Your task is to repeat the entries exactly from their first line through the line with "injective (q \o inl)", and to stop there.

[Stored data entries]
============
Lemma barycenter_closed K s0 L : combine_closed K -> K s0 -> (forall y, In y L -> K y) ->
  K (barycenter s0 L).
Proof.
  intros HK Hs0. induction L as [|y ys IH]; intros HL; [exact Hs0|].
  apply HK; [apply barycenter_weight_range|exact Hs0|apply HL; left; reflexivity|].
  apply IH. intros; apply HL; right; assumption.
Qed.

Lemma barycenter_dist s0 L x y t c : conical_bicombing s0 ->
  INR (length L) * d (barycenter s0 L x y t) c <= sumR (map (fun s => d (s x y t) c) L).
Proof.
  intros Hs0. induction L as [|z zs IH]; [simpl; lra|].
  change (INR (S (length zs)) *
            d (combine s0 (INR (length zs) / INR (S (length zs))) z (barycenter s0 zs) x y t) c
          <= d (z x y t) c + sumR (map (fun s => d (s x y t) c) zs)).
  unfold combine. set (m := length zs) in *.
  pose proof (conical_dist_point s0 (z x y t) (barycenter s0 zs x y t) c _ Hs0
                (barycenter_weight_range m)) as Hcomb.
  rewrite S_INR in *. pose proof (pos_INR m).
  apply Rle_trans with (d (z x y t) c + INR m * d (barycenter s0 zs x y t) c); [|lra].
  eapply Rle_trans; [apply Rmult_le_compat_l; [lra|exact Hcomb]|].
  right. field. lra.
Qed.

Definition cell_cover (eta : R) (C : list (combing X -> Prop)) : Prop :=
  (forall s, conical_bicombing s -> exists c, In c C /\ c s) /\
  (forall c, In c C -> forall s s', conical_bicombing s -> conical_bicombing s' ->
     c s -> c s' -> sup_close eta s s').
Lemma glue_sum_iff (X1 X2 Y : finType) (Z : Type) (p1 p2 : Y -> X1 + X2)
    (q : X1 + X2 -> Z) :
  (forall y, q (p1 y) = q (p2 y)) ->
  injective (q \o inl) -> injective (q \o inr) ->
  (forall x x', q x = q x' -> connect (glue_rel p1 p2) x x') ->
  forall a b, q (inl a) = q (inr b) <->
    (exists y, p1 y = inl a /\ p2 y = inr b) \/ (exists y, p1 y = inr b /\ p2 y = inl a).
Proof.
move=> qp q1_inj q2_inj q_connect a b; split => [qab|/glue_relP]; last first.
  exact: glue_rel_invariant.
apply/glue_relP/(connect_sum_cross (q := q) (@glue_rel_sym _ _ p1 p2)) => //.
- exact: glue_rel_invariant.
- exact: q_connect.
Qed.

Section CoequaliserKernel.
Variables (Sg : signature) (G A : hyp Sg) (g1 g2 : mor G A).

Local Notation RV := (glue_rel (mV g1) (mV g2)).
Local Notation RE := (glue_rel (mE g1) (mE g2)).

Lemma root_glue_rel_invariant (Z : Type) (F : hE A -> Z) :
  (forall y, F (mE g1 y) = F (mE g2 y)) -> forall e, F (root RE e) = F e.
Proof.
move=> Fg e; apply/esym/(connect_invariant _ (connect_root _ e)).
exact: glue_rel_invariant.
Qed.

(* Collapsing every gluing class onto its root gives a cocone under (g1, g2);
   a coequaliser factors through it, hence identifies only connected elements. *)
Definition glue_quot : hyp Sg.
Proof.
refine (@Hyp Sg (hV A) (hE A) (fun e : hE A => map (root RV) (hsrc e))
  (fun e : hE A => map (root RV) (htgt e)) (@hlab Sg A) _ _) => e.
- by rewrite size_map hsrc_ar.
- by rewrite size_map htgt_ar.
Defined.

Definition glue_quot_map : mor A glue_quot.
Proof.
refine (@Mor Sg A glue_quot (root RV) (root RE) _ _ _) => e /=.
- apply: (root_glue_rel_invariant (F := fun e : hE A => map (root RV) (hsrc e))) => y.
  by rewrite !msrc -!map_comp; apply: eq_map => v /=; rewrite glue_rel_root.
- apply: (root_glue_rel_invariant (F := fun e : hE A => map (root RV) (htgt e))) => y.
  by rewrite !mtgt -!map_comp; apply: eq_map => v /=; rewrite glue_rel_root.
- by apply: (root_glue_rel_invariant (F := @hlab Sg A)) => y; rewrite !mlab.
Defined.

Variables (S : hyp Sg) (eps : mor A S).
Hypothesis eps_coeq : is_coeq g1 g2 eps.

Lemma coeq_factor_glue_quot : exists u : mor S glue_quot, mor_eq (mcomp eps u) glue_quot_map.
Proof.
case: eps_coeq => _ /(_ _ glue_quot_map) [|u [eps_u _]]; last by exists u.
by split=> y /=; apply: glue_rel_root.
Qed.

Lemma coeq_kernelV x x' : mV eps x = mV eps x' -> connect RV x x'.
Proof.
have [u [uV _]] := coeq_factor_glue_quot => eps_xx'.
apply/(rootP (sym_connect_sym (@glue_rel_sym _ _ _ _))).
by move: (uV x) (uV x'); rewrite /= eps_xx' => -> ->.
Qed.

Lemma coeq_kernelE e e' : mE eps e = mE eps e' -> connect RE e e'.
Proof.
have [u [_ uE]] := coeq_factor_glue_quot => eps_ee'.
apply/(rootP (sym_connect_sym (@glue_rel_sym _ _ _ _))).
by move: (uE e) (uE e'); rewrite /= eps_ee' => -> ->.
Qed.

End CoequaliserKernel.

Section Morphisms.
Variable Sg : signature.

Definition mor_id (H : hyp Sg) : mor H H.
Proof. by refine (@Mor Sg H H id id _ _ _) => e; rewrite ?map_id. Defined.

Lemma mor_factor_through (L C S : hyp Sg) (m : mor L S) (c : mor C S) :
  injective (mV c) -> (forall v, exists x, mV c x = mV m v) ->
  (forall e, exists x, mE c x = mE m e) -> exists m' : mor L C, mor_eq (mcomp m' c) m.
Proof.
move=> c_injV mV_in mE_in.
have mV_in' v : exists x, mV c x == mV m v by have [x <-] := mV_in v; exists x.
have mE_in' e : exists x, mE c x == mE m e by have [x <-] := mE_in e; exists x.
pose m'V v := xchoose (mV_in' v); pose m'E e := xchoose (mE_in' e).
have m'VP v : mV c (m'V v) = mV m v by apply/eqP/(xchooseP (mV_in' v)).
have m'EP e : mE c (m'E e) = mE m e by apply/eqP/(xchooseP (mE_in' e)).
have m'_map s : map (mV c) (map m'V s) = map (mV m) s.
  by rewrite -map_comp; apply: eq_map => v /=; rewrite m'VP.
unshelve eexists (@Mor Sg L C m'V m'E _ _ _) => [e|e|e|].
- by apply: (inj_map c_injV); rewrite -msrc m'EP msrc m'_map.
- by apply: (inj_map c_injV); rewrite -mtgt m'EP mtgt m'_map.
- by rewrite -(mlab c) m'EP mlab.
- by split=> x /=; [apply: m'VP | apply: m'EP].
Qed.

Lemma discrete_coprod (G H : hyp Sg) : discrete G -> discrete H -> discrete (coprod G H).
Proof. by rewrite /discrete /= card_sum => -> ->. Qed.

End Morphisms.

Section PushoutAlongMono.
Variables (Sg : signature) (K L C D : hyp Sg).
Variables (f : mor K L) (g : mor K C) (h : mor L D) (k : mor C D).
Hypotheses (po : is_pushout f g h k) (f_injV : injective (mV f)) (K_discrete : discrete K).

Definition redirectV (v : hV L) : hV C + hV L :=
  if [pick a | mV f a == v] is Some a then inl (mV g a) else inr v.

(* A cocone under (f, g) in which C embeds, the hyperedges of L stay apart from
   those of C, and the nodes of L in the image of f are redirected into C. *)
Definition po_model : hyp Sg.
Proof.
refine (@Hyp Sg (hV C + hV L)%type (hE C + hE L)%type
  (fun e => match e with inl c => map inl (hsrc c) | inr e => map redirectV (hsrc e) end)
  (fun e => match e with inl c => map inl (htgt c) | inr e => map redirectV (htgt e) end)
  (fun e => match e with inl c => hlab c | inr e => hlab e end) _ _).
- by case=> e; rewrite size_map hsrc_ar.
- by case=> e; rewrite size_map htgt_ar.
Defined.

Definition po_model_inl : mor C po_model.
Proof. by refine (@Mor Sg C po_model inl inl _ _ _). Defined.

Definition po_model_inr : mor L po_model.
Proof. by refine (@Mor Sg L po_model redirectV inr _ _ _). Defined.

Definition po_model_outV (x : hV po_model) : hV D :=
  match x with inl c => mV k c | inr v => mV h v end.

Lemma po_model_outV_redirect v : po_model_outV (redirectV v) = mV h v.
Proof.
rewrite /redirectV; case: pickP => [a /eqP <-|//] /=.
exact/esym/(po.1.1 a).
Qed.

Definition po_model_out : mor po_model D.
Proof.
refine (@Mor Sg po_model D po_model_outV
  (fun e => match e with inl c => mE k c | inr e => mE h e end) _ _ _).
- case=> e /=; rewrite ?msrc -map_comp //.
  by apply: eq_map => v /=; rewrite po_model_outV_redirect.
- case=> e /=; rewrite ?mtgt -map_comp //.
  by apply: eq_map => v /=; rewrite po_model_outV_redirect.
- by case=> e /=; rewrite mlab.
Defined.

Lemma po_model_cocone : mor_eq (mcomp f po_model_inr) (mcomp g po_model_inl).
Proof.
split=> a /=; last by move/card0_eq: K_discrete => /(_ a); rewrite inE.
rewrite /redirectV; case: pickP => [a' /eqP /f_injV -> //|/(_ a)].
by rewrite eqxx.
Qed.

Lemma pushout_to_model : exists u : mor D po_model,
  [/\ mor_eq (mcomp h u) po_model_inr, mor_eq (mcomp k u) po_model_inl &
      mor_eq (mcomp u po_model_out) (mor_id D)].
Proof.
have [u [[huV huE] [kuV kuE] _]] := po.2 _ _ _ po_model_cocone.
exists u; split=> //.
have [u0 [_ _ unique_u0]] := po.2 _ _ _ po.1.
have [idV idE] := unique_u0 (mor_id D) (conj (fun=> erefl) (fun=> erefl))
                                       (conj (fun=> erefl) (fun=> erefl)).
have [uV uE] : mor_eq u0 (mcomp u po_model_out).
  apply: unique_u0; split=> x /=.
  - by have /= -> := huV x; rewrite po_model_outV_redirect.
  - by have /= -> := huE x.
  - by have /= -> := kuV x.
  - by have /= -> := kuE x.
by split=> x; [rewrite -uV idV | rewrite -uE idE].
Qed.

Lemma pushout_injV : injective (mV k).
Proof.
have [u [_ [kuV _] _]] := pushout_to_model.
by move=> c c' kcc'; move: (kuV c) (kuV c') => /=; rewrite kcc' => -> [->].
Qed.

Lemma pushout_meetV v c : mV h v = mV k c -> exists a, mV f a = v.
Proof.
have [u [[huV _] [kuV _] _]] := pushout_to_model => hv_kc.
move: (huV v) (kuV c) => /=; rewrite hv_kc => ->; rewrite /redirectV.
by case: pickP => [a /eqP <- _ | //]; exists a.
Qed.

Lemma pushout_disjointE e c : mE h e <> mE k c.
Proof.
have [u [[_ huE] [_ kuE] _]] := pushout_to_model => he_kc.
by move: (huE e) (kuE c) => /=; rewrite he_kc => ->.
Qed.

Lemma pushout_coverV s : (exists v, mV h v = s) \/ (exists c, mV k c = s).
Proof.
have [u [_ _ [uV _]]] := pushout_to_model.
by move: (uV s) => /=; case: (mV u s) => x <-; [right | left]; exists x.
Qed.

Lemma pushout_coverE s : (exists e, mE h e = s) \/ (exists c, mE k c = s).
Proof.
have [u [_ _ [_ uE]]] := pushout_to_model.
by move: (uE s) => /=; case: (mE u s) => x <-; [right | left]; exists x.
Qed.

Lemma pushout_factor_iff (M : hyp Sg) (m : mor M D) :
  (exists m' : mor M C, mor_eq (mcomp m' k) m) <->
  (forall e e', mE m e <> mE h e') /\
  (forall v v', mV m v = mV h v' -> exists a, mV f a = v').
Proof.
split=> [[m' [m'V m'E]] | [m_h_disjE m_h_meetV]].
  split=> [e e' | v v'].
  - by rewrite -(m'E e) => /esym/pushout_disjointE.
  - by rewrite -(m'V v) => /esym/pushout_meetV.
apply: mor_factor_through pushout_injV _ _ => [v | e].
- case: (pushout_coverV (mV m v)) => [[v' hv'] | //].
  have [a fa] := m_h_meetV _ _ (esym hv').
  by exists (mV g a); rewrite -hv' -fa; exact: (esym (po.1.1 a)).
- case: (pushout_coverE (mE m e)) => [[e' he'] | //].
  by case: (m_h_disjE e e').
Qed.

End PushoutAlongMono.
(* Let $H = (V,E)$ be a hypertree with $|V| = n$ such that $|e|$ is prime for each edge $e \in E$. Fix an ordering of the edges $E = \{e_1, \ldots, e_k\}$ with $|(e_{1} \cup \cdots \cup e_{i})\cap e_{i+1}| = 1$ for all $1 \leq i < k$, and fix a cyclic permutation $c_i: e_i\rightarrow e_i$ of each edge $e_i$. Then $$X_H = \sum_{\pi} F_{\mathrm{Des}_H(\pi)},$$ the sum over all bijections $\pi: V \to [n]$, where $\mathrm{Des}_H(\pi)$ is the set of $H$-descents of $\pi$ with respect to the chosen edge-ordering and cyclic permutations.
   Context: A hypergraph is a pair $H=(V,E)$ with $V$ finite and $E$ a family of subsets of $V$ with $|e|>1$. A path is a sequence $v_1, e_1, v_2, \ldots, e_m, v_{m+1}$ with $e_i \in E$, $v_i, v_{i+1} \in e_i$, edges distinct and vertices distinct except that $v_1 = v_{m+1}$ is allowed; if $v_1 = v_{m+1}$ and $m>1$ it is a cycle. A hypertree is a connected hypergraph with no cycles; between any two distinct vertices there is a unique path. $H$-descents: for a bijection $\pi: V \to [n]$ and $i \in [n-1]$, let $\pi^{-1}(i) = v_1, e_{j_1}, v_2, \ldots, e_{j_l}, v_{l+1} = \pi^{-1}(i+1)$ be the unique path, and let $j_r = \min(j_1,\ldots,j_l)$; then $i \in \mathrm{Des}_H(\pi)$ iff $\pi(c_{j_r}(v_r)) > \pi(c_{j_r}(v_{r+1}))$. A coloring $\chi: V \to \mathbb{P}=\{1,2,\ldots\}$ is proper if it is nonconstant on every edge; $X_H = \sum_\chi \prod_{v\in V} x_{\chi(v)}$ over proper colorings. For $S \subseteq [n-1]$, $F_S = \sum x_{i_1}\cdots x_{i_n}$ over $i_1 \le \cdots \le i_n$ in $\mathbb{P}$ with $i_j < i_{j+1}$ whenever $j \in S$. *)

From HB Require Import structures.
From mathcomp Require Import all_boot all_order all_algebra all_fingroup.
From mathcomp Require Import mpoly.
From Stdlib Require Import ClassicalEpsilon.

Set Implicit Arguments.
Unset Strict Implicit.
Unset Printing Implicit Defensive.

Import GRing.Theory.

(* A hypergraph on the finite vertex type V is given by an ordered list of
   edges E = [e_1; ...; e_k] (0-based indices in Rocq).                    *)
Section Hyper.
Variable V : finType.
Implicit Types (E : seq {set V}).

Definition edge E (j : nat) : {set V} := nth set0 E j.

Definition is_hypergraph E : bool :=
  uniq E && all (fun e : {set V} => 1 < #|e|) E.

(* A path v_1, e_{j_1}, v_2, ..., e_{j_m}, v_{m+1} is encoded by its start
   vertex a = v_1 and the list of steps [(j_1, v_2); ...; (j_m, v_{m+1})]. *)
Fixpoint steps_ok E (a : V) (st : seq (nat * V)) : bool :=
  if st is (j, v) :: st' then
    [&& j < size E, a \in edge E j, v \in edge E j & steps_ok E v st']
  else true.

(* edges distinct, vertices distinct except that v_1 = v_{m+1} is allowed *)
Definition is_path E (a : V) (st : seq (nat * V)) : bool :=
  [&& steps_ok E a st, uniq (map fst st), uniq (map snd st)
    & uniq (belast a (map snd st))].

Definition path_end (a : V) (st : seq (nat * V)) : V := last a (map snd st).

Definition is_cycle E (a : V) (st : seq (nat * V)) : bool :=
  [&& is_path E a st, path_end a st == a & 1 < size st].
============
(Answer below)
Lemma barycenter_closed K s0 L : combine_closed K -> K s0 -> (forall y, In y L -> K y) ->
  K (barycenter s0 L).
Proof.
  intros HK Hs0. induction L as [|y ys IH]; intros HL; [exact Hs0|].
  apply HK; [apply barycenter_weight_range|exact Hs0|apply HL; left; reflexivity|].
  apply IH. intros; apply HL; right; assumption.
Qed.

Lemma barycenter_dist s0 L x y t c : conical_bicombing s0 ->
  INR (length L) * d (barycenter s0 L x y t) c <= sumR (map (fun s => d (s x y t) c) L).
Proof.
  intros Hs0. induction L as [|z zs IH]; [simpl; lra|].
  change (INR (S (length zs)) *
            d (combine s0 (INR (length zs) / INR (S (length zs))) z (barycenter s0 zs) x y t) c
          <= d (z x y t) c + sumR (map (fun s => d (s x y t) c) zs)).
  unfold combine. set (m := length zs) in *.
  pose proof (conical_dist_point s0 (z x y t) (barycenter s0 zs x y t) c _ Hs0
                (barycenter_weight_range m)) as Hcomb.
  rewrite S_INR in *. pose proof (pos_INR m).
  apply Rle_trans with (d (z x y t) c + INR m * d (barycenter s0 zs x y t) c); [|lra].
  eapply Rle_trans; [apply Rmult_le_compat_l; [lra|exact Hcomb]|].
  right. field. lra.
Qed.

Definition cell_cover (eta : R) (C : list (combing X -> Prop)) : Prop :=
  (forall s, conical_bicombing s -> exists c, In c C /\ c s) /\
  (forall c, In c C -> forall s s', conical_bicombing s -> conical_bicombing s' ->
     c s -> c s' -> sup_close eta s s').
Lemma glue_sum_iff (X1 X2 Y : finType) (Z : Type) (p1 p2 : Y -> X1 + X2)
    (q : X1 + X2 -> Z) :
  (forall y, q (p1 y) = q (p2 y)) ->
  injective (q \o inl) -> injective (q \o inr) ->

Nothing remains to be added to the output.